[Recorded data]
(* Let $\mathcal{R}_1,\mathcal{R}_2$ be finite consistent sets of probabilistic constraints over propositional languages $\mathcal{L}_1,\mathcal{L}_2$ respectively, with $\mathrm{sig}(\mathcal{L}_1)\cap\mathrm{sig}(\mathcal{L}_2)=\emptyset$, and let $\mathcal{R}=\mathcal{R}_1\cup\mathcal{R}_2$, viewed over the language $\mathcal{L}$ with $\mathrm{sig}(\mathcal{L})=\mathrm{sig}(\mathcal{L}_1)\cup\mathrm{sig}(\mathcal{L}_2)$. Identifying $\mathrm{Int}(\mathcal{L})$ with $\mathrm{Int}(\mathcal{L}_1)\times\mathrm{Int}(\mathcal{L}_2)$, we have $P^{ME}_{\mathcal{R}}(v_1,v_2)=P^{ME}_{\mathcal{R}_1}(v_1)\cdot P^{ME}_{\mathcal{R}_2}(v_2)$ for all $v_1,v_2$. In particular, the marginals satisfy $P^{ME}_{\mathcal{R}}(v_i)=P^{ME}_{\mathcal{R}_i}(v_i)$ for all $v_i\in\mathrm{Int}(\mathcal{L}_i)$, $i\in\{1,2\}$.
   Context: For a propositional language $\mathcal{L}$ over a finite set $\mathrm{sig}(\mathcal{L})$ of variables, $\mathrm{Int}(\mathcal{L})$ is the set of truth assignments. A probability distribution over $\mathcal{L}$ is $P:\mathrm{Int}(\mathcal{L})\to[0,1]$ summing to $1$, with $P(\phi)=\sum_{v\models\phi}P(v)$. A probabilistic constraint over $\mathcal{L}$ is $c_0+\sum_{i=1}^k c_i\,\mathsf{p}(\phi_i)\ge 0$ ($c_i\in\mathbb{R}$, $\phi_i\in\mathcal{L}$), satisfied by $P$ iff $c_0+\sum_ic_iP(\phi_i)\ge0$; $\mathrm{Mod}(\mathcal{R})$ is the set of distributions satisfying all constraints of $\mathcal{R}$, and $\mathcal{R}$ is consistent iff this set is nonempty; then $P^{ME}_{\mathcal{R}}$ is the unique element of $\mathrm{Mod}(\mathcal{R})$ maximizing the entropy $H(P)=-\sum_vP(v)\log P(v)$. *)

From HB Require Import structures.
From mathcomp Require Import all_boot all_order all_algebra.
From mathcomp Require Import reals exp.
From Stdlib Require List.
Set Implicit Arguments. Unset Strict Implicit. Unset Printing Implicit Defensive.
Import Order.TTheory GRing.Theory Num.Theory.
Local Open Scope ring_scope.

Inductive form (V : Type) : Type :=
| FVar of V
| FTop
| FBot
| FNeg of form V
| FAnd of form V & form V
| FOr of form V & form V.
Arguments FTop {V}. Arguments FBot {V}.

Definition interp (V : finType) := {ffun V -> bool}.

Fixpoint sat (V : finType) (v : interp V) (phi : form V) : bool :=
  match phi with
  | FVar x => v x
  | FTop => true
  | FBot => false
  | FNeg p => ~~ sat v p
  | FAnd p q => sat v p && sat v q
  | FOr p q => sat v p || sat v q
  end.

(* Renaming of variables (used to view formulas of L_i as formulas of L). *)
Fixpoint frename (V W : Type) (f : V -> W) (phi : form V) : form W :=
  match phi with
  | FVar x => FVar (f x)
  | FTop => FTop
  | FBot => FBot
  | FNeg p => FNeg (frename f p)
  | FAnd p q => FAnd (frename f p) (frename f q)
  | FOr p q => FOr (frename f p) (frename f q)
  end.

TASK DETAILS:
Reproduce every line above. Keep it exact.

TASK RESPONSE:
(* Let $\mathcal{R}_1,\mathcal{R}_2$ be finite consistent sets of probabilistic constraints over propositional languages $\mathcal{L}_1,\mathcal{L}_2$ respectively, with $\mathrm{sig}(\mathcal{L}_1)\cap\mathrm{sig}(\mathcal{L}_2)=\emptyset$, and let $\mathcal{R}=\mathcal{R}_1\cup\mathcal{R}_2$, viewed over the language $\mathcal{L}$ with $\mathrm{sig}(\mathcal{L})=\mathrm{sig}(\mathcal{L}_1)\cup\mathrm{sig}(\mathcal{L}_2)$. Identifying $\mathrm{Int}(\mathcal{L})$ with $\mathrm{Int}(\mathcal{L}_1)\times\mathrm{Int}(\mathcal{L}_2)$, we have $P^{ME}_{\mathcal{R}}(v_1,v_2)=P^{ME}_{\mathcal{R}_1}(v_1)\cdot P^{ME}_{\mathcal{R}_2}(v_2)$ for all $v_1,v_2$. In particular, the marginals satisfy $P^{ME}_{\mathcal{R}}(v_i)=P^{ME}_{\mathcal{R}_i}(v_i)$ for all $v_i\in\mathrm{Int}(\mathcal{L}_i)$, $i\in\{1,2\}$.
   Context: For a propositional language $\mathcal{L}$ over a finite set $\mathrm{sig}(\mathcal{L})$ of variables, $\mathrm{Int}(\mathcal{L})$ is the set of truth assignments. A probability distribution over $\mathcal{L}$ is $P:\mathrm{Int}(\mathcal{L})\to[0,1]$ summing to $1$, with $P(\phi)=\sum_{v\models\phi}P(v)$. A probabilistic constraint over $\mathcal{L}$ is $c_0+\sum_{i=1}^k c_i\,\mathsf{p}(\phi_i)\ge 0$ ($c_i\in\mathbb{R}$, $\phi_i\in\mathcal{L}$), satisfied by $P$ iff $c_0+\sum_ic_iP(\phi_i)\ge0$; $\mathrm{Mod}(\mathcal{R})$ is the set of distributions satisfying all constraints of $\mathcal{R}$, and $\mathcal{R}$ is consistent iff this set is nonempty; then $P^{ME}_{\mathcal{R}}$ is the unique element of $\mathrm{Mod}(\mathcal{R})$ maximizing the entropy $H(P)=-\sum_vP(v)\log P(v)$. *)

From HB Require Import structures.
From mathcomp Require Import all_boot all_order all_algebra.
From mathcomp Require Import reals exp.
From Stdlib Require List.
Set Implicit Arguments. Unset Strict Implicit. Unset Printing Implicit Defensive.
Import Order.TTheory GRing.Theory Num.Theory.
Local Open Scope ring_scope.

Inductive form (V : Type) : Type :=
| FVar of V
| FTop
| FBot
| FNeg of form V
| FAnd of form V & form V
| FOr of form V & form V.
Arguments FTop {V}. Arguments FBot {V}.

Definition interp (V : finType) := {ffun V -> bool}.

Fixpoint sat (V : finType) (v : interp V) (phi : form V) : bool :=
  match phi with
  | FVar x => v x
  | FTop => true
  | FBot => false
  | FNeg p => ~~ sat v p
  | FAnd p q => sat v p && sat v q
  | FOr p q => sat v p || sat v q
  end.

(* Renaming of variables (used to view formulas of L_i as formulas of L). *)
Fixpoint frename (V W : Type) (f : V -> W) (phi : form V) : form W :=
  match phi with
  | FVar x => FVar (f x)
  | FTop => FTop
  | FBot => FBot
  | FNeg p => FNeg (frename f p)
  | FAnd p q => FAnd (frename f p) (frename f q)
  | FOr p q => FOr (frename f p) (frename f q)
  end.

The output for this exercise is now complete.